Saved data entries:

━━━━━━━━━━━━━━━━

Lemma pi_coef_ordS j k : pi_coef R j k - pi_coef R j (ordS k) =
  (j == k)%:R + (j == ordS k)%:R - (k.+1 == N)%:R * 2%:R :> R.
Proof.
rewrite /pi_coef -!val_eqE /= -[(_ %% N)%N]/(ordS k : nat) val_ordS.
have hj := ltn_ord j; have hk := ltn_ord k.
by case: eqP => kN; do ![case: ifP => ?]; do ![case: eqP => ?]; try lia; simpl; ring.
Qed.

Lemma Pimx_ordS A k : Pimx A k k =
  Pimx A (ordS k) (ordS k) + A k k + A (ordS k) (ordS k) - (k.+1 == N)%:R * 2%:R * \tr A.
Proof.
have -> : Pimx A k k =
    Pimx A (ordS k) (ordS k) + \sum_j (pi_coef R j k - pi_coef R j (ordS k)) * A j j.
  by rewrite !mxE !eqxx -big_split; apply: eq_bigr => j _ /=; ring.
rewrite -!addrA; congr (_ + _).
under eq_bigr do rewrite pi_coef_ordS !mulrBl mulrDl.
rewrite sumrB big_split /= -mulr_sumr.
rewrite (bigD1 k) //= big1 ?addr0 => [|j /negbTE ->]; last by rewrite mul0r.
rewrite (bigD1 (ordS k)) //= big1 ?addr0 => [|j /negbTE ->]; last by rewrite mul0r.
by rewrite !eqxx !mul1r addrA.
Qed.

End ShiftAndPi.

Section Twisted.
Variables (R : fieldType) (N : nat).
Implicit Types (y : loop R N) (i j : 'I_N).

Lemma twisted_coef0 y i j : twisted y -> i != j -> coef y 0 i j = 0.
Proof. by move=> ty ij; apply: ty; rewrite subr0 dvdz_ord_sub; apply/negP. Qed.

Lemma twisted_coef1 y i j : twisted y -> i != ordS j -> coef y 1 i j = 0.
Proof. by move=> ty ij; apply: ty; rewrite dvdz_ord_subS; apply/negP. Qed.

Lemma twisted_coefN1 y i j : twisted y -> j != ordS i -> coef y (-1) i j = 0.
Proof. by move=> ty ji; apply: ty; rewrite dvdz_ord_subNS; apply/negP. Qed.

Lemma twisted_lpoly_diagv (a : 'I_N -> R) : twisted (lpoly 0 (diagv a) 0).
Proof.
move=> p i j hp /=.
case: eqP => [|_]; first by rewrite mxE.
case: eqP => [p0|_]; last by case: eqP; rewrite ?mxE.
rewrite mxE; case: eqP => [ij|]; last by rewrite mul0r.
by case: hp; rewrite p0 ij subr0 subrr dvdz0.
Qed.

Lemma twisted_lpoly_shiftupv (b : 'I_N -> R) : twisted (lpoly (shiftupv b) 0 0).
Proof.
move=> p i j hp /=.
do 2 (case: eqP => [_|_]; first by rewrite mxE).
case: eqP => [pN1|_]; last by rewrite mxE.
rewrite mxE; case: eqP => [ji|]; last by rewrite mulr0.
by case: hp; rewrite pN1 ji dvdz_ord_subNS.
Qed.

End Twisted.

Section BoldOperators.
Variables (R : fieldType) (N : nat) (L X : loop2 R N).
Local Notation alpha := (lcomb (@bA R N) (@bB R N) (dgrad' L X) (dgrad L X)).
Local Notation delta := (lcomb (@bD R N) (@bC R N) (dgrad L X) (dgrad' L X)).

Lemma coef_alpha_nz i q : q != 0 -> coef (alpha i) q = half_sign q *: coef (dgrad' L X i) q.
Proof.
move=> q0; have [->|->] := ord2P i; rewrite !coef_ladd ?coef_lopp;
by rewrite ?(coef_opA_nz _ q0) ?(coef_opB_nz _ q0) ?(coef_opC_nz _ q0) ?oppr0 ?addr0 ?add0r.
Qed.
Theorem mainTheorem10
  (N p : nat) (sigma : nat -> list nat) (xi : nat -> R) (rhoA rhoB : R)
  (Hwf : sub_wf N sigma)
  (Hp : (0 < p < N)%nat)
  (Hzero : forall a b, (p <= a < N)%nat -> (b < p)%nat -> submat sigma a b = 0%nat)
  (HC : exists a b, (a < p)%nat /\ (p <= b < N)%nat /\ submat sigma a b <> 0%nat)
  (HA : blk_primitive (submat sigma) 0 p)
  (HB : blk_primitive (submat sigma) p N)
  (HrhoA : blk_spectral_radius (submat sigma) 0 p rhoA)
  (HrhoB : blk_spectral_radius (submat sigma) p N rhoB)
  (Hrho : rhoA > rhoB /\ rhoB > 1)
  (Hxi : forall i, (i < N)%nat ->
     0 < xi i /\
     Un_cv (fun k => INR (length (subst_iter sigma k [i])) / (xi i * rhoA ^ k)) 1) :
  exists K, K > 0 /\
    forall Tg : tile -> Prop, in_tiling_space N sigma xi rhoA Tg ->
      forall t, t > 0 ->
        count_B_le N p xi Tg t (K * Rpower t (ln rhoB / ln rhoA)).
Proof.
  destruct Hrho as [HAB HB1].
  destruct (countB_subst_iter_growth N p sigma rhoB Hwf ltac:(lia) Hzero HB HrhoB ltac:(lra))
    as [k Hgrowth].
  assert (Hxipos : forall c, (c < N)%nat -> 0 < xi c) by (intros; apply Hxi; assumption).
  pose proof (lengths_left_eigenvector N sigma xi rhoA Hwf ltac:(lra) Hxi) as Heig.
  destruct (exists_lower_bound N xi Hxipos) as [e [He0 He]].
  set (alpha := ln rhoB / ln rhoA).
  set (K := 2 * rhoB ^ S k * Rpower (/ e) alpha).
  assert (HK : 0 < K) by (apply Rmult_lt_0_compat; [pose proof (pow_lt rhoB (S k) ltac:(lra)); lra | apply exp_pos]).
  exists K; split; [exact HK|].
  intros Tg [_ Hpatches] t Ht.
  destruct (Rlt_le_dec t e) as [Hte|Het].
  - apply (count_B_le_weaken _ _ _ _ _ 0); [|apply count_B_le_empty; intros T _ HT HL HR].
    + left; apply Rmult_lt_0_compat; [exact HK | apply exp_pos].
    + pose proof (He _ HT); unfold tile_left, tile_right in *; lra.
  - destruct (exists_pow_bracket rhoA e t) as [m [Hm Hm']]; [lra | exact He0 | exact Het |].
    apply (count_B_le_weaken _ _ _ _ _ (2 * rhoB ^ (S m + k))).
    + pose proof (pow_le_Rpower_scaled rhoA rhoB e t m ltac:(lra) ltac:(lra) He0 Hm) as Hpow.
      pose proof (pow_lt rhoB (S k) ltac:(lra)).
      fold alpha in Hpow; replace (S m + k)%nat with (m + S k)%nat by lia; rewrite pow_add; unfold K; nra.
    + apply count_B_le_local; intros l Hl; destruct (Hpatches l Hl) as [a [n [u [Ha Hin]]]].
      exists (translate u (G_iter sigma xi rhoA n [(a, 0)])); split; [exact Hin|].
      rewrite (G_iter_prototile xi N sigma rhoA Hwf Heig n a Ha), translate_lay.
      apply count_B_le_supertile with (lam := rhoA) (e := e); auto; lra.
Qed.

━━━━━━━━━━━━━━━━

Only the lines above from the one with "move=> q0; have" through the one with "(Hp : (0 < p < N)%nat)" should be duplicated, character for character.

move=> q0; have [->|->] := ord2P i; rewrite !coef_ladd ?coef_lopp;
by rewrite ?(coef_opA_nz _ q0) ?(coef_opB_nz _ q0) ?(coef_opC_nz _ q0) ?oppr0 ?addr0 ?add0r.
Qed.
Theorem mainTheorem10
  (N p : nat) (sigma : nat -> list nat) (xi : nat -> R) (rhoA rhoB : R)
  (Hwf : sub_wf N sigma)
  (Hp : (0 < p < N)%nat)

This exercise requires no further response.